Walk the rails under a high blue sky. Find the sag in the leaning fence, and step--carefully--over rusted wire. Follow a peninsula of blond grasses through a lake of loam, and come, at last, to the timber's edge where gray branches trace the sky and rose hips curl near purple canes.
Sunday, May 5, 2013
More Church Notes
Going to church is tricky now. In the past, I'd learned a pretty good adaption of the valuable church member role. I knew how to engage, where to sit, more or less what to say. But things have changed. I feel connected to life now. Role playing's rubber glove no longer comes between me and the world around me.
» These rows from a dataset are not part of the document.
(* Let $G$ be a simplicial group acting on a simplicial set $X$, let $g\in G_1$ be a loop, and let $\sigma\in X_n$. Then for any $0\le m\le n$ and $0\le k\le n+1$, \[ P^{n+1}_k\bigl(A^m_g(\sigma)\bigr)=\begin{cases}(-1)^k\,(1\otimes A^{m-k}_g)\,P^n_k(\sigma)&\text{if }k\le m,\\(A^m_g\otimes1)\,P^n_{k-1}(\sigma)&\text{if }k>m.\end{cases} \]
   Context: Chains are normalized. A loop is a $1$-simplex $g$ with $\partial_0g=\partial_1g=1_0$. For $I=\{i_1<\dots<i_r\}$ write $s_I=s_{i_r}\circ\dots\circ s_{i_1}$, and $[n]=\{0,\dots,n\}$. For a loop $g$ and $0\le m\le n$, $A^m_g\colon C_n(X)\to C_{n+1}(X)$ is $\sigma\mapsto(s_{[n]\setminus m}\,g)\cdot s_m\sigma$ (here $s_{[n]\setminus m}g$ means $s_I g$ for $I=[n]\setminus\{m\}$). For $0\le k\le n$, $P^n_k\colon C_n(X)\to C_k(X)\otimes C_{n-k}(X)$, $\sigma\mapsto\sigma(0,\dots,k)\otimes\sigma(k,\dots,n)$ (front and back faces); tensor products of maps follow the Koszul sign rule. *)

From mathcomp Require Import all_boot all_order all_algebra.
From mathcomp Require Import boolp.
Set Implicit Arguments. Unset Strict Implicit. Unset Printing Implicit Defensive.
Import GRing.Theory Num.Theory.
Local Open Scope ring_scope.

(* Simplicial sets, presented as graded sets: the carrier is the disjoint    *)
(* union of all X_n, [sdim x] is the n with x in X_n, and face/degeneracy     *)
(* operators are given for every index; the axioms (simplicial identities)   *)
(* are only imposed for valid indices.                                      *)
Record sSet := SSet {
  ssort :> Type;
  sdim : ssort -> nat;
  face : nat -> ssort -> ssort;
  degen : nat -> ssort -> ssort;
  sdim_face : forall i x, (0 < sdim x)%N -> (i <= sdim x)%N -> sdim (face i x) = (sdim x).-1;
  sdim_degen : forall i x, (i <= sdim x)%N -> sdim (degen i x) = (sdim x).+1;
  face_face : forall n i j x, sdim x = n.+2 -> (i < j)%N -> (j <= n.+2)%N ->
    face i (face j x) = face j.-1 (face i x);
  face_degen_lt : forall n i j x, sdim x = n -> (i < j)%N -> (j <= n)%N ->
    face i (degen j x) = degen j.-1 (face i x);
  face_degen_eq : forall n j x, sdim x = n -> (j <= n)%N ->
    face j (degen j x) = x /\ face j.+1 (degen j x) = x;
  face_degen_gt : forall n i j x, sdim x = n -> (j.+1 < i)%N -> (i <= n.+1)%N ->
    face i (degen j x) = degen j (face i.-1 x);
  degen_degen : forall n i j x, sdim x = n -> (i <= j)%N -> (j <= n)%N ->
    degen i (degen j x) = degen j.+1 (degen i x)
}.

Record sGroup := SGroup {
  gset :> sSet;
  gmul : gset -> gset -> gset;
  gone : nat -> gset;
  ginv : gset -> gset;
  sdim_gone : forall n, sdim (gone n) = n;
  sdim_gmul : forall x y, sdim x = sdim y -> sdim (gmul x y) = sdim x;
  sdim_ginv : forall x, sdim (ginv x) = sdim x;
  gmulA : forall x y z, sdim x = sdim y -> sdim y = sdim z ->
    gmul x (gmul y z) = gmul (gmul x y) z;
  gmul1 : forall x, gmul (gone (sdim x)) x = x /\ gmul x (gone (sdim x)) = x;
  gmulV : forall x, gmul (ginv x) x = gone (sdim x) /\ gmul x (ginv x) = gone (sdim x);
  face_gmul : forall i x y, sdim x = sdim y -> (0 < sdim x)%N -> (i <= sdim x)%N ->
    face i (gmul x y) = gmul (face i x) (face i y);
  degen_gmul : forall i x y, sdim x = sdim y -> (i <= sdim x)%N ->
    degen i (gmul x y) = gmul (degen i x) (degen i y)
}.

Record sAction (G : sGroup) (X : sSet) := SAction {
  act :> G -> X -> X;
  sdim_act : forall g x, sdim g = sdim x -> sdim (act g x) = sdim x;
  act1 : forall x, act (gone G (sdim x)) x = x;
  actM : forall g h x, sdim g = sdim x -> sdim h = sdim x ->
    act (gmul g h) x = act g (act h x);
  face_act : forall i g x, sdim g = sdim x -> (0 < sdim x)%N -> (i <= sdim x)%N ->
    face i (act g x) = act (face i g) (face i x);
  degen_act : forall i g x, sdim g = sdim x -> (i <= sdim x)%N ->
    degen i (act g x) = act (degen i g) (degen i x)
}.

Definition is_loop (G : sGroup) (g : G) : Prop :=
  sdim g = 1%N /\ face 0 g = gone G 0 /\ face 1 g = gone G 0.

(* sexcl m n g = s_{[n] \ m} g = s_{i_r} o ... o s_{i_1} g, where            *)
(*   {i_1 < ... < i_r} = [n] \ {m}; computed by recursion on n:             *)
Fixpoint sfull (X : sSet) (n : nat) (x : X) : X :=
  if n is n'.+1 then degen n' (sfull n' x) else x.

Fixpoint sexcl (X : sSet) (m n : nat) (x : X) : X :=
  if n is n'.+1 then
    (if m == n then sfull n x else degen n (sexcl m n' x))
  else x.

(* Normalized chains with integer coefficients.  A chain is a formal finite  *)
(* Z-linear combination of simplices; two chains are equal in the            *)
(* normalized chain complex iff they have the same coefficient on every      *)
(* non-degenerate simplex (degenerate simplices are zero).  Similarly        *)
(* C(X) (x) C(X) is free on pairs of non-degenerate simplices.              *)
Definition chain (T : Type) := seq (int * T).

Definition gen (T : Type) (x : T) : chain T := [:: (1, x)].

Definition scale (T : Type) (a : int) (c : chain T) : chain T :=
  [seq (a * p.1, p.2) | p <- c].

Definition coef (T : Type) (c : chain T) (b : T) : int :=
  \sum_(p <- c) (if asbool (p.2 = b) then p.1 else 0).

Definition degenerate (X : sSet) (x : X) : Prop :=
  exists i (y : X), (i <= sdim y)%N /\ x = degen i y.

Definition ceq (X : sSet) (c c' : chain X) : Prop :=
  forall b : X, ~ degenerate b -> coef c b = coef c' b.

Definition teq (X : sSet) (c c' : chain (X * X)) : Prop :=
  forall b1 b2 : X, ~ degenerate b1 -> ~ degenerate b2 ->
    coef c (b1, b2) = coef c' (b1, b2).

Definition lin (T U : Type) (f : T -> chain U) (c : chain T) : chain U :=
  flatten [seq scale p.1 (f p.2) | p <- c].

Definition tens (T : Type) (c1 c2 : chain T) : chain (T * T) :=
  [seq (p.1 * q.1, (p.2, q.2)) | p <- c1, q <- c2].

(* Tensor product of maps with the Koszul sign rule:
   (f (x) h)(x (x) y) = (-1)^(|h| |x|) f(x) (x) h(y), with |h| = degh. *)
Definition tmap (X : sSet) (f h : X -> chain X) (degh : nat)
    (t : chain (X * X)) : chain (X * X) :=
  lin (fun xy : X * X =>
         scale ((-1) ^+ (degh * sdim xy.1)) (tens (f xy.1) (h xy.2))) t.

Definition idc (X : sSet) : X -> chain X := @gen X.

Definition Aop (G : sGroup) (X : sSet) (a : sAction G X) (m : nat) (g : G)
    (sigma : X) : X :=
  a (sexcl m (sdim sigma) g) (degen m sigma).

Definition Amap (G : sGroup) (X : sSet) (a : sAction G X) (m : nat) (g : G) :
    X -> chain X := fun sigma => gen (Aop a m g sigma).

(* front face sigma(0,...,k) and back face sigma(k,...,n) *)
Definition front (X : sSet) (k : nat) (sigma : X) : X :=
  iter (sdim sigma - k) (fun x => face (sdim x) x) sigma.
Definition back (X : sSet) (k : nat) (sigma : X) : X :=
  iter k (face 0) sigma.

Definition Pmap (X : sSet) (k : nat) (sigma : X) : chain (X * X) :=
  gen (front k sigma, back k sigma).

(* For a loop g, d_0 s_{[n]\0} g = 1 and d_{n+1} s_{[n]} g = 1, whence
   d_0 A^0_g = id and d_{n+1} A^n_g = id, while d_0 A^{m+1}_g = A^m_g d_0 and
   d_{n+1} A^m_g = A^m_g d_n (m < n) are simplicial identities.  Iterating,
   the front and back faces of A^m_g(sigma) are those of sigma, except that
   exactly one of them still carries an A: the back face (with m lowered by k)
   if k <= m, the front face otherwise.  When k <= m the Koszul sign (-1)^k of
   1 (x) A^{m-k}_g cancels the explicit (-1)^k, so both sides agree as formal
   combinations, before normalization. *)
From mathcomp Require Import all_boot all_order all_algebra.
Set Implicit Arguments. Unset Strict Implicit.
Import GRing.Theory.

Section Chains.
Local Open Scope ring_scope.

Lemma scale1 (T : Type) (c : chain T) : scale 1 c = c.
Proof. by rewrite /scale (eq_map (g := id)) ?map_id // => -[a x]; rewrite mul1r. Qed.

Lemma scale_scale (T : Type) (a b : int) (c : chain T) :
  scale a (scale b c) = scale (a * b) c.
Proof. by rewrite /scale -map_comp; apply: eq_map => -[c1 x]; rewrite /= mulrA. Qed.

Lemma lin_gen (T U : Type) (f : T -> chain U) (x : T) : lin f (gen x) = f x.
Proof. by rewrite /lin /= cats0 scale1. Qed.

Lemma tens_gen (T : Type) (x y : T) : tens (gen x) (gen y) = gen (x, y).
Proof. by rewrite /tens /= mulr1. Qed.

End Chains.

Lemma tmap_gen (X : sSet) (f h : X -> chain X) (d : nat) (x y : X) :
  tmap f h d (gen (x, y)) = scale ((-1) ^+ (d * sdim x)) (tens (f x) (h y)).
Proof. exact: lin_gen. Qed.

Section IteratedDegeneracies.
Variable X : sSet.
Implicit Types x : X.

Lemma sdim_sfull n x : sdim (sfull n x) = sdim x + n.
Proof.
elim: n => [|n IH] /=; first by rewrite addn0.
by rewrite sdim_degen IH ?addnS // leq_addl.
Qed.

Lemma sexclnn m x : sexcl m m x = sfull m x.
Proof. by case: m => //= m; rewrite eqxx. Qed.

Lemma sexclS m n x : m <= n -> sexcl m n.+1 x = degen n.+1 (sexcl m n x).
Proof. by move=> hmn /=; rewrite ifN // neq_ltn ltnS hmn. Qed.

Lemma sdim_sexcl m n x : 0 < sdim x -> m <= n -> sdim (sexcl m n x) = sdim x + n.
Proof.
move=> x_pos; elim: n => [|n IH]; first by rewrite leqn0 => /eqP-> /=; rewrite addn0.
rewrite leq_eqVlt => /predU1P[->|hmn]; first by rewrite sexclnn sdim_sfull.
by rewrite sexclS // sdim_degen (IH hmn) ?addnS // -add1n leq_add2r.
Qed.

Lemma face0_sfull m x : face 0 (sfull m.+1 x) = sfull m x.
Proof.
elim: m => [|m IH]; first exact: (face_degen_eq (erefl (sdim x)) (leq0n _)).1.
rewrite [sfull m.+2 x]/= (face_degen_lt (erefl (sdim (sfull m.+1 x)))) ?IH //.
by rewrite sdim_sfull leq_addl.
Qed.

Lemma face0_sexclS m n x : 0 < sdim x -> m <= n ->
  face 0 (sexcl m.+1 n.+1 x) = sexcl m n x.
Proof.
move=> x_pos; elim: n => [|n IH]; first by rewrite leqn0 => /eqP->; rewrite !sexclnn face0_sfull.
rewrite leq_eqVlt => /predU1P[->|hmn]; first by rewrite !sexclnn face0_sfull.
have hdim : n.+1 < sdim (sexcl m.+1 n.+1 x) by rewrite sdim_sexcl // -add1n leq_add2r.
by rewrite sexclS // (face_degen_lt (erefl _) _ hdim) // (IH hmn) -sexclS.
Qed.

Lemma face_sexclS m n x : 0 < sdim x -> m <= n ->
  face n.+2 (sexcl m n.+1 x) = sexcl m n x.
Proof.
move=> x_pos hmn; rewrite sexclS //.
by rewrite (face_degen_eq (sdim_sexcl x_pos hmn) _).2 // -add1n leq_add2r.
Qed.

End IteratedDegeneracies.

Lemma gmul_idem (G : sGroup) (e : G) : gmul e e = e -> e = gone G (sdim e).
Proof.
move=> ee; have [eVe _] := gmulV e.
have : gmul (ginv e) (gmul e e) = gmul (ginv e) e by rewrite ee.
by rewrite gmulA ?sdim_ginv // eVe (gmul1 e).1.
Qed.

Lemma degen_gone (G : sGroup) i n : i <= n -> degen i (gone G n) = gone G n.+1.
Proof.
move=> hi; have de : sdim (degen i (gone G n)) = n.+1 by rewrite sdim_degen sdim_gone.
rewrite -de; apply: gmul_idem.
rewrite -degen_gmul ?sdim_gone //.
by have := (gmul1 (gone G n)).1; rewrite sdim_gone => ->.
Qed.

Section LoopDegeneracies.
Variables (G : sGroup) (g : G).
Hypothesis g_loop : is_loop g.

Lemma sdim_loop : sdim g = 1.
Proof. by case: g_loop. Qed.

Lemma face0_sexcl0 n : face 0 (sexcl 0 n g) = gone G n.
Proof.
have [g1 [g_face0 _]] := g_loop.
elim: n => [//|n IH]; rewrite sexclS // (face_degen_lt (erefl _)) ?IH ?degen_gone //.
by rewrite sdim_sexcl ?g1.
Qed.

Lemma face_last_sexclnn n : face n.+1 (sexcl n n g) = gone G n.
Proof.
have [g1 [_ g_face1]] := g_loop; rewrite sexclnn.
elim: n => [//|n IH] /=; rewrite (face_degen_gt (n := n.+1)) ?IH ?degen_gone //.
by rewrite sdim_sfull g1.
Qed.

End LoopDegeneracies.

Section FrontAndBackFaces.
Variable X : sSet.
Implicit Types s : X.

Lemma front_sdim s : front (sdim s) s = s.
Proof. by rewrite /front subnn. Qed.

Lemma front_face_last k s : k < sdim s -> front k (face (sdim s) s) = front k s.
Proof.
case E: (sdim s) => [//|n] hk.
by rewrite /front sdim_face E // subSn // iterSr E.
Qed.

Lemma sdim_front k s : k <= sdim s -> sdim (front k s) = k.
Proof.
have [n] := ubnP (sdim s); elim: n s => // n IH s hs.
rewrite leq_eqVlt => /predU1P[->|hk]; first by rewrite front_sdim.
have s_pos : 0 < sdim s by apply: leq_ltn_trans hk.
by rewrite -front_face_last // IH // sdim_face // -ltnS prednK.
Qed.

Lemma backS k s : back k.+1 s = face 0 (back k s).
Proof. by []. Qed.

Lemma backSr k s : back k.+1 s = back k (face 0 s).
Proof. exact: iterSr. Qed.

Lemma backD j k s : back (j + k) s = back j (back k s).
Proof. exact: iterD. Qed.

End FrontAndBackFaces.

Section FacesOfA.
Variables (G : sGroup) (X : sSet) (a : sAction G X) (g : G).
Hypothesis g_loop : is_loop g.
Implicit Types s : X.

Let g1 := sdim_loop g_loop.

Lemma sdim_sexcl_loop m n : m <= n -> sdim (sexcl m n g) = n.+1.
Proof. by move=> hmn; rewrite sdim_sexcl ?g1. Qed.

Lemma sdim_Aop m s : m <= sdim s -> sdim (Aop a m g s) = (sdim s).+1.
Proof. by move=> hm; rewrite /Aop sdim_act sdim_degen ?sdim_sexcl_loop. Qed.

Lemma face0_AopS m s : m < sdim s -> face 0 (Aop a m.+1 g s) = Aop a m g (face 0 s).
Proof.
case E: (sdim s) => [//|n] hmn.
rewrite /Aop E face_act ?sdim_degen ?E ?sdim_sexcl_loop // face0_sexclS ?g1 //.
by rewrite (face_degen_lt E) // sdim_face ?E.
Qed.

Lemma face0_Aop0 s : face 0 (Aop a 0 g s) = s.
Proof.
rewrite /Aop face_act ?sdim_degen ?sdim_sexcl_loop // face0_sexcl0 //.
by rewrite (face_degen_eq (erefl _) (leq0n _)).1 act1.
Qed.

Lemma face_last_Aop m s : m < sdim s ->
  face (sdim s).+1 (Aop a m g s) = Aop a m g (face (sdim s) s).
Proof.
case E: (sdim s) => [//|n] hmn.
rewrite /Aop E face_act ?sdim_degen ?E ?sdim_sexcl_loop ?(ltnW hmn) //.
rewrite face_sexclS ?g1 //.
by rewrite (face_degen_gt E) // sdim_face ?E.
Qed.

Lemma face_last_Aopnn s : face (sdim s).+1 (Aop a (sdim s) g s) = s.
Proof.
rewrite /Aop face_act ?sdim_degen ?sdim_sexcl_loop // face_last_sexclnn //.
by rewrite (face_degen_eq (erefl _) (leqnn _)).2 act1.
Qed.

Lemma front_Aop_le k m s : k <= m -> m <= sdim s -> front k (Aop a m g s) = front k s.
Proof.
have [n] := ubnP (sdim s); elim: n s => // n IH s hs hkm.
rewrite leq_eqVlt => /predU1P[m_top|hms].
  by subst m; rewrite -front_face_last sdim_Aop ?face_last_Aopnn ?ltnS.
have hks : k < sdim s := leq_ltn_trans hkm hms.
have s_pos : 0 < sdim s := leq_ltn_trans (leq0n k) hks.
have hd : sdim (face (sdim s) s) = (sdim s).-1 by rewrite sdim_face.
rewrite -front_face_last sdim_Aop ?ltnS ?(leq_trans (ltnW hks)) ?(ltnW hms) //.
by rewrite face_last_Aop // IH ?front_face_last // hd -ltnS prednK.
Qed.

Lemma front_Aop_gt k m s : m < k -> k <= (sdim s).+1 ->
  front k (Aop a m g s) = Aop a m g (front k.-1 s).
Proof.
have [n] := ubnP (sdim s); elim: n s => // n IH s hs hmk.
rewrite leq_eqVlt ltnS => /predU1P[k_top|hk].
  by subst k; rewrite /= front_sdim -{1}(sdim_Aop hmk) front_sdim.
have hms : m < sdim s := leq_trans hmk hk.
have s_pos : 0 < sdim s := leq_ltn_trans (leq0n m) hms.
have hd : sdim (face (sdim s) s) = (sdim s).-1 by rewrite sdim_face.
rewrite -front_face_last sdim_Aop ?ltnS ?(ltnW hms) // face_last_Aop // IH ?hd ?prednK //.
by rewrite front_face_last // -ltnS prednK // (leq_ltn_trans (leq0n m)).
Qed.

Lemma back_Aop_le k m s : k <= m -> m <= sdim s ->
  back k (Aop a m g s) = Aop a (m - k) g (back k s).
Proof.
elim: k m s => [|k IH] m s hkm hms; first by rewrite subn0.
case: m hkm hms => // m hkm hms.
have s_pos : 0 < sdim s by apply: leq_trans hms.
by rewrite !backSr face0_AopS // IH // sdim_face // -ltnS prednK.
Qed.

Lemma back_Aop_gt k m s : m < k -> m <= sdim s -> back k (Aop a m g s) = back k.-1 s.
Proof.
move=> hmk hms.
by rewrite -(subnK hmk) backD backS back_Aop_le // subnn face0_Aop0 -backD addnS.
Qed.

End FacesOfA.

Local Open Scope ring_scope.

Theorem lemma8p1 (G : sGroup) (X : sSet) (a : sAction G X) (g : G)
    (hg : is_loop g) (n : nat) (sigma : X) (hsigma : sdim sigma = n)
    (m k : nat) (hm : (m <= n)%N) (hk : (k <= n.+1)%N) :
  teq (lin (@Pmap X k) (lin (Amap a m g) (gen sigma)))
      (if (k <= m)%N then
         scale ((-1) ^+ k)
           ((tmap (@idc X) (Amap a (m - k) g) 1) (lin (@Pmap X k) (gen sigma)))
       else
         tmap (Amap a m g) (@idc X) 0 (lin (@Pmap X k.-1) (gen sigma))).
Proof.
rewrite -{}hsigma in hm hk.
move=> b1 b2 _ _; congr coef.
rewrite /Amap /Pmap /idc !lin_gen !tmap_gen !tens_gen.
case: (leqP k m) => [hkm | hmk].
  rewrite front_Aop_le ?back_Aop_le // scale_scale sdim_front ?(leq_trans hkm) //.
  by rewrite mul1n -exprD -signr_odd addnn odd_double scale1.
by rewrite front_Aop_gt ?back_Aop_gt // mul0n scale1.
Qed.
When I touch something, the skin of my fingertips brushes the surface. This makes church tricky because when I bring myself into a sanctuary, it's really me. And currently, I am rather weak and wobbly kneed. My ready-made, engaging, respectable persona no longer protects me. I don't know how to be vulnerable around other people (internet is fine--hah). So I scuttle in, sit in the back, participate, and scuttle out. As I visited yet another church today, I found myself comparing myself to all the other nicely put together females (I know, I know--awful focus) and deciding I wished I was a fly on the wall. If only I could participate in some invisible way. Then the pastor preached about God's purposes for our bodies, how important they are, how they allow us to connect to God and others. A baby--still at the weak neck stage--smiled at me over his mother's shoulder.